What to do:
Your answer should be every line of the entries that has the string "forallP" in it.

==== Given data ====

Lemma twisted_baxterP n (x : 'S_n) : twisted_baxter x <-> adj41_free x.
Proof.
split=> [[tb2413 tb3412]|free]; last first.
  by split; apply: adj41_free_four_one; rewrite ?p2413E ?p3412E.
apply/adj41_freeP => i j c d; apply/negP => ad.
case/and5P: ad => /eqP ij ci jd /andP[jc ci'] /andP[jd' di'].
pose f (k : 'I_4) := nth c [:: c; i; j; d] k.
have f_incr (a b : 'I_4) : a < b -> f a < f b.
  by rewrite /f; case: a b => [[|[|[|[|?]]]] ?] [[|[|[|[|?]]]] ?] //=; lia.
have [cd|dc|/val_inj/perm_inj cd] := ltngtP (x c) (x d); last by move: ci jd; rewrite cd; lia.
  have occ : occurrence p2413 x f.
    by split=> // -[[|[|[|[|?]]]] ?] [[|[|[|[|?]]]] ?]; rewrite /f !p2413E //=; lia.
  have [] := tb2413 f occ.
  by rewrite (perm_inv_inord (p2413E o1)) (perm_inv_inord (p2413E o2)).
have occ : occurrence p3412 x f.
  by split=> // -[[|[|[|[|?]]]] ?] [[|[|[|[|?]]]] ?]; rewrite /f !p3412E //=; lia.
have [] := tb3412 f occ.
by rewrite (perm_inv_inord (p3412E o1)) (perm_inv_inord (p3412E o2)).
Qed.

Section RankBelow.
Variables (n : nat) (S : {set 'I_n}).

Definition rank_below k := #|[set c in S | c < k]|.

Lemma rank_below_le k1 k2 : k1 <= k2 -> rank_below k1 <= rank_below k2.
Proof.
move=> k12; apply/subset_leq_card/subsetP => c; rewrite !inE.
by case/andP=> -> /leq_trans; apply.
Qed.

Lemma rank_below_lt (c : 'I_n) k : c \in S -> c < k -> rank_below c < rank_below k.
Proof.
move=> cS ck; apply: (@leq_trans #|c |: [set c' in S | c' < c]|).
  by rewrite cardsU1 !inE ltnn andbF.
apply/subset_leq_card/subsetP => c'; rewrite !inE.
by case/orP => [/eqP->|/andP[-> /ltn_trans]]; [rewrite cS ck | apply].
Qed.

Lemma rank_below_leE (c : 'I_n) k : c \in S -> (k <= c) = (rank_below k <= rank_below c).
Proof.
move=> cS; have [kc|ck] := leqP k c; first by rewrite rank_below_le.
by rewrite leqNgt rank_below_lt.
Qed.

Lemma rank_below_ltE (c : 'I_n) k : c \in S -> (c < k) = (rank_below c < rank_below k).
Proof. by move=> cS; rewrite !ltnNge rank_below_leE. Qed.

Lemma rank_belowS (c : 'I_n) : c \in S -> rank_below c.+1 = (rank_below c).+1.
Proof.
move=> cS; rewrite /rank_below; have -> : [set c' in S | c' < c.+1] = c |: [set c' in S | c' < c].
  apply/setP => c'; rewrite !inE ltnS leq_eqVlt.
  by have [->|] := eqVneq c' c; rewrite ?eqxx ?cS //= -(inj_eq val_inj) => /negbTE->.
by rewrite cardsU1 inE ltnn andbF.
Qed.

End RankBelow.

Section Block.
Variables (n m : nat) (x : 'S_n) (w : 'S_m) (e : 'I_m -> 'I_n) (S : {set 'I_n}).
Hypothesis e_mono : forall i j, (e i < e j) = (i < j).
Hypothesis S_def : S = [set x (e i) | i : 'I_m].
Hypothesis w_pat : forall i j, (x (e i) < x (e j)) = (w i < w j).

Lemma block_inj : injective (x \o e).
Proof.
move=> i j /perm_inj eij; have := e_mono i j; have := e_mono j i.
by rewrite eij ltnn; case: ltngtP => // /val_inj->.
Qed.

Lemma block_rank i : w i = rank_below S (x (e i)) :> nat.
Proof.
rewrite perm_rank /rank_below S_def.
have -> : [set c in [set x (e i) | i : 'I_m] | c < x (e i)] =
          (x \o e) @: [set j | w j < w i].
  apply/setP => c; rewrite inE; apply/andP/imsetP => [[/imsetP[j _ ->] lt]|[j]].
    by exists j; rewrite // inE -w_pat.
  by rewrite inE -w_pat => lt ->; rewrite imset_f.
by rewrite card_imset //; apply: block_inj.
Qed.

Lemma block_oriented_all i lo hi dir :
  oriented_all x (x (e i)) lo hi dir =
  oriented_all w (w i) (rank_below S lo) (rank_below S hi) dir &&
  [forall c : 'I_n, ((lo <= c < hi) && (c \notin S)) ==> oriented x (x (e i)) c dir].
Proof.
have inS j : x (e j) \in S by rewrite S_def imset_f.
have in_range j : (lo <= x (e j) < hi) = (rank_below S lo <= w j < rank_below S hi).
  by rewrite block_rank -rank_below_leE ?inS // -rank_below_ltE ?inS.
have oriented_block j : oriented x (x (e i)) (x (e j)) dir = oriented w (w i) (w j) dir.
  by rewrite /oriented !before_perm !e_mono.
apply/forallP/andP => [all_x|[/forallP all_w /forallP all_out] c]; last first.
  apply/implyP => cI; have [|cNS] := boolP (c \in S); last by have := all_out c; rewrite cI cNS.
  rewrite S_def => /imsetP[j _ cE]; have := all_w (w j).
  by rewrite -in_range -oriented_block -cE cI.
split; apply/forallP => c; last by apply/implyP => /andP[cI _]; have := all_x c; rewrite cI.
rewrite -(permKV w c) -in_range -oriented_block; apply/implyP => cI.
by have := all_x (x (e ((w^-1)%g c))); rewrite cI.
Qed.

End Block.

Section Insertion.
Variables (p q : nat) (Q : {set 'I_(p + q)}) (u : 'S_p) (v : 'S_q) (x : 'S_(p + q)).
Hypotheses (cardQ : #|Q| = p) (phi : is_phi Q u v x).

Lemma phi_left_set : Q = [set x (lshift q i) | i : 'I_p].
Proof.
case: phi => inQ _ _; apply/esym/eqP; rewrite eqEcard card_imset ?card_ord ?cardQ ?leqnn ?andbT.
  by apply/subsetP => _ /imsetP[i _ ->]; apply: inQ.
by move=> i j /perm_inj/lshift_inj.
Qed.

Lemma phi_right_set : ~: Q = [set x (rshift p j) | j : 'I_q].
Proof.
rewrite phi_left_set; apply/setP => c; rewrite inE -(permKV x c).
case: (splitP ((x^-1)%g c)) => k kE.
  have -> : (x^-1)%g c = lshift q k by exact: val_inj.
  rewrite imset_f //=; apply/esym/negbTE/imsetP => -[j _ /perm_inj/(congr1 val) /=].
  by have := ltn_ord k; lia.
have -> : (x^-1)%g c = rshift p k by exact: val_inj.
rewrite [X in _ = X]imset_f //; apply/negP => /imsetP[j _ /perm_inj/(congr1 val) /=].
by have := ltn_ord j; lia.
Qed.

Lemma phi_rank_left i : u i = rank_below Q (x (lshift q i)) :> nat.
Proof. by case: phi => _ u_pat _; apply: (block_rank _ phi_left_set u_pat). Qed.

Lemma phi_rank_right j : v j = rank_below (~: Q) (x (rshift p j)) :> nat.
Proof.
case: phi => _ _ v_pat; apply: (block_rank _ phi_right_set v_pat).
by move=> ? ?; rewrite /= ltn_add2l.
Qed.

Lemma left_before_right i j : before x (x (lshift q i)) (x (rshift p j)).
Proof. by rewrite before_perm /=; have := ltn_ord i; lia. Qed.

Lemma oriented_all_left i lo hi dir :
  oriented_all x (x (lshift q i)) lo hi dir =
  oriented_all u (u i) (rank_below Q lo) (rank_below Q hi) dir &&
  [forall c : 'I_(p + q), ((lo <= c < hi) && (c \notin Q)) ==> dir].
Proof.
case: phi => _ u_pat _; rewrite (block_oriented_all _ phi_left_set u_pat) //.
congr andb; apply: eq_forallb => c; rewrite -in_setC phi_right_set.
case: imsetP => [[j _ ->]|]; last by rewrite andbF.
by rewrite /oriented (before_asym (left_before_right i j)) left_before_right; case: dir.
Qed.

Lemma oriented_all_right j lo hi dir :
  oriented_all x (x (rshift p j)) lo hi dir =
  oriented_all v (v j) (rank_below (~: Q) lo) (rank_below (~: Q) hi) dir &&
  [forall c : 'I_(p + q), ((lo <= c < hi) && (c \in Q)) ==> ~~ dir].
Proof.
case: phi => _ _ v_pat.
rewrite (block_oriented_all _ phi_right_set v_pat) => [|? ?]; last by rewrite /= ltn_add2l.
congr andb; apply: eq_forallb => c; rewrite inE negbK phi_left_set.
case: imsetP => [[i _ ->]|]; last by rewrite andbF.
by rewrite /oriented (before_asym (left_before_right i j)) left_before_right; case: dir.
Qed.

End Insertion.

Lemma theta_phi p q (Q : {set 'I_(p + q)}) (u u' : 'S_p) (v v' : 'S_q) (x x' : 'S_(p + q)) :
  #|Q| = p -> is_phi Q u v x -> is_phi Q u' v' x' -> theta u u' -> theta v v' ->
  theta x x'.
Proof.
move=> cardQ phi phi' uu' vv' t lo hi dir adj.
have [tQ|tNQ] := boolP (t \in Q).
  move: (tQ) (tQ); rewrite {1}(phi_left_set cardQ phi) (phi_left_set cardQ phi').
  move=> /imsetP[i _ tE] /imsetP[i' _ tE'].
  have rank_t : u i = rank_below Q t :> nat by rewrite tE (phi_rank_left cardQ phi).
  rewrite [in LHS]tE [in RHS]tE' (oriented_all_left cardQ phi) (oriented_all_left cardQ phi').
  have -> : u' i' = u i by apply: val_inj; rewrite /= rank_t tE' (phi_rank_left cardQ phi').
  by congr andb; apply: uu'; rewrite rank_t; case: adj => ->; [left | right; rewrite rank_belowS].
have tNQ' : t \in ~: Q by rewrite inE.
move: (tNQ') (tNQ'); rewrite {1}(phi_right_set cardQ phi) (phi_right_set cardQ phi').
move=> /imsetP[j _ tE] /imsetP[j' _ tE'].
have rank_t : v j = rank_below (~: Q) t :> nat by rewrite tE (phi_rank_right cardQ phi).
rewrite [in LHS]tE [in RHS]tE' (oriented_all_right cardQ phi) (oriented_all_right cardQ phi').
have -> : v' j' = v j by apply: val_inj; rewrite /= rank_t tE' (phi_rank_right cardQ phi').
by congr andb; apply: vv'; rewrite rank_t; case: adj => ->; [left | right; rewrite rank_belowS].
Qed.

====

Reply to the exercise:
apply/forallP/andP => [all_x|[/forallP all_w /forallP all_out] c]; last first.
split; apply/forallP => c; last by apply/implyP => /andP[cI _]; have := all_x c; rewrite cI.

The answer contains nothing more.